What is being asked: How many lines below contain the word "elim"? Answer with that number alone.

········

(* Support is evaluated in continuation-passing style: decomposing a context
   through the clauses of support yields extensions [C] of the base and atomic
   residues [T], which are handed to a continuation. This evaluation does not
   depend on the order or multiplicity of formulas, so it agrees with the
   fuel-based [supp] on finite sets. Read this way, ||-_C Θ, Δ says that every
   residue [T] of Θ, reached in an extension C', gives ||-_C' T, Δ. Hence
   ||-_C Θ, A together with "||-_C' S, A implies ||-_C' S, Δ for all atomic S"
   yields ||-_C Θ, Δ: a cut against an arbitrary side context. Applying it to the
   premises of (Inf) one index at a time makes all side contexts arbitrary. *)

Lemma extends_refl B : extends B B.
Proof. by []. Qed.

Lemma extends_trans B C D : extends C B -> extends D C -> extends D B.
Proof. by move=> hBC hCD r /hBC /hCD. Qed.

Lemma derivable_extends B C G D : extends C B -> derivable B G D -> derivable C G D.
Proof.
move=> hBC; elim => [r Th Sg Br Hp|r ThSg Br Hsz _ IH].
  by apply: der_ax => //; apply: hBC.
by apply: der_mix IH => //; apply: hBC.
Qed.

Lemma derivable_setUr B G D E : derivable B G D -> derivable B G (D `|` E).
Proof.
elim => [r Th Sg Br Hp|r [|t ts] Br Hsz Hprem IH].
- by rewrite -fsetUA; apply: der_ax.
- have Hp : prem r = [::] by case: (prem r) Hsz.
  by rewrite /Defs.bigU /= big_nil fsetU0; apply: der_ax.
have -> : (concl r).2 `|` Defs.bigU (map snd (t :: ts)) `|` E =
          (concl r).2 `|` Defs.bigU (map snd ((t.1, t.2 `|` E) :: ts)).
  by rewrite /Defs.bigU /= !big_cons -!fsetUA [E `|` _]fsetUC.
apply: (@der_mix B r ((t.1, t.2 `|` E) :: ts) Br Hsz) => -[|i] hi; last exact: Hprem.
by rewrite /= fsetUA; apply: (IH 0).
Qed.

Lemma derivable_weakR B G D D' : D `<=` D' -> derivable B G D -> derivable B G D'.
Proof. by move=> /fsetUidPr <-; apply: derivable_setUr. Qed.

Definition cont := base -> {fset nat} -> Prop.

(* [evF F B K] reads "[F, Γ] is supported in [B]", the support of the rest [Γ]
   being delegated to [K]: [K C P] has to hold for every extension [C] and atom
   set [P] in which the decomposition of [F] ends. In the implication clause,
   [S] is the atomic side context of (Inf). *)

Fixpoint evF (F : form) (B : base) (K : cont) : Prop :=
  match F with
  | Atom p => K B [fset p]
  | Bot => K B fset0
  | And F1 F2 => evF F1 B K /\ evF F2 B K
  | Or F1 F2 => evF F1 B (fun C P => evF F2 C (fun C' Q => K C' (P `|` Q)))
  | Imp a b => forall C, extends C B -> forall S : {fset nat},
      evF a C (fun C' P => derivable C' fset0 (S `|` P)) ->
      evF b C (fun C' P => K C' (S `|` P))
  end.

Definition persistent (K : cont) :=
  forall B C P, extends C B -> K B P -> K C P.

Definition monotone (K : cont) :=
  forall B C P Q, extends C B -> P `<=` Q -> K B P -> K C Q.

Lemma monotone_persistent K : monotone K -> persistent K.
Proof. by move=> hK B C P hBC; apply: hK. Qed.

Lemma monotone_setU K T : monotone K -> monotone (fun C R => K C (T `|` R)).
Proof. by move=> hK B C P Q hBC hPQ; apply: hK => //; apply: fsetUS. Qed.

Lemma persistent_derivable S : persistent (fun C P => derivable C fset0 (S `|` P)).
Proof. by move=> B C P; apply: derivable_extends. Qed.

Lemma cont_funext (K K' : cont) : (forall C P, K C P = K' C P) -> K = K'.
Proof. by move=> hK; do 2!apply: functional_extensionality => ?; apply: hK. Qed.

Lemma evF_congr F B (K K' : cont) : (forall C P, K C P = K' C P) -> evF F B K = evF F B K'.
Proof. by move=> /cont_funext ->. Qed.

Lemma evF_sub F B (K K' : cont) :
  (forall C P, extends C B -> K C P -> K' C P) -> evF F B K -> evF F B K'.
Proof.
elim: F B K K' => [p||F1 IH1 F2 IH2|F1 IH1 F2 IH2|a _ b IHb] B K K' hK /=.
- exact: hK.
- exact: hK.
- by case=> h1 h2; split; [apply: IH1 h1|apply: IH2 h2].
- apply: IH1 => C P hBC; apply: IH2 => C' Q hCC'.
  by apply: hK; apply: extends_trans hCC'.
- move=> H C hBC S hS; apply: IHb (H C hBC S hS) => C' P hCC'.
  by apply: hK; apply: extends_trans hCC'.
Qed.

Lemma evF_extends F B C (K : cont) :
  persistent K -> extends C B -> evF F B K -> evF F C K.
Proof.
elim: F B C K => [p||F1 IH1 F2 IH2|F1 IH1 F2 IH2|a _ b _] B C K hK hBC /=.
- exact: hK.
- exact: hK.
- by case=> h1 h2; split; [apply: IH1 h1|apply: IH2 h2].
- by apply: IH1 => // B' C' P hB'C'; apply: IH2 => // ? ? ?; apply: hK.
- by move=> H C' hCC' S; apply: H; apply: extends_trans hCC'.
Qed.

Lemma evF_der_extends a S B C : extends C B ->
  evF a B (fun C' P => derivable C' fset0 (S `|` P)) ->
  evF a C (fun C' P => derivable C' fset0 (S `|` P)).
Proof. exact/evF_extends/persistent_derivable. Qed.

Lemma evF_of_all F B (K : cont) : (forall C P, extends C B -> K C P) -> evF F B K.
Proof.
elim: F B K => [p||F1 IH1 F2 IH2|F1 IH1 F2 IH2|a _ b IHb] B K hK /=.
- exact: hK.
- exact: hK.
- by split; [apply: IH1|apply: IH2].
- apply: IH1 => C P hBC; apply: IH2 => C' Q hCC'.
  by apply: hK; apply: extends_trans hCC'.
- move=> C hBC S _; apply: IHb => C' P hCC'.
  by apply: hK; apply: extends_trans hCC'.
Qed.

Lemma evF_weak F B (K : cont) P :
  monotone K -> K B P -> evF F B (fun C Q => K C (P `|` Q)).
Proof.
by move=> hK hP; apply: evF_of_all => C Q hBC; apply: hK hP => //; apply: fsubsetUl.
Qed.

Lemma monotone_evF F (K : cont) :
  monotone K -> monotone (fun C T => evF F C (fun C' R => K C' (T `|` R))).
Proof.
move=> hK B C P Q hBC hPQ H.
apply: (evF_extends (B := B)) => //; first exact: monotone_persistent (monotone_setU hK).
by apply: evF_sub H => C' R _; apply: hK => //; apply: fsetSU.
Qed.

Lemma evF_and F B (K1 K2 : cont) :
  evF F B (fun C P => K1 C P /\ K2 C P) = (evF F B K1 /\ evF F B K2).
Proof.
elim: F B K1 K2 => [p||F1 IH1 F2 IH2|F1 IH1 F2 IH2|a _ b IHb] B K1 K2 //=.
- by apply: propositional_extensionality; rewrite IH1 IH2; tauto.
- by under evF_congr => C P do rewrite IH2; rewrite IH1.
apply: propositional_extensionality; split=> [H|[H1 H2] C hBC S hS].
  by split=> C hBC S hS; have := H C hBC S hS; rewrite IHb; case.
by rewrite IHb; split; [apply: H1|apply: H2].
Qed.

········

Solution to this task: 6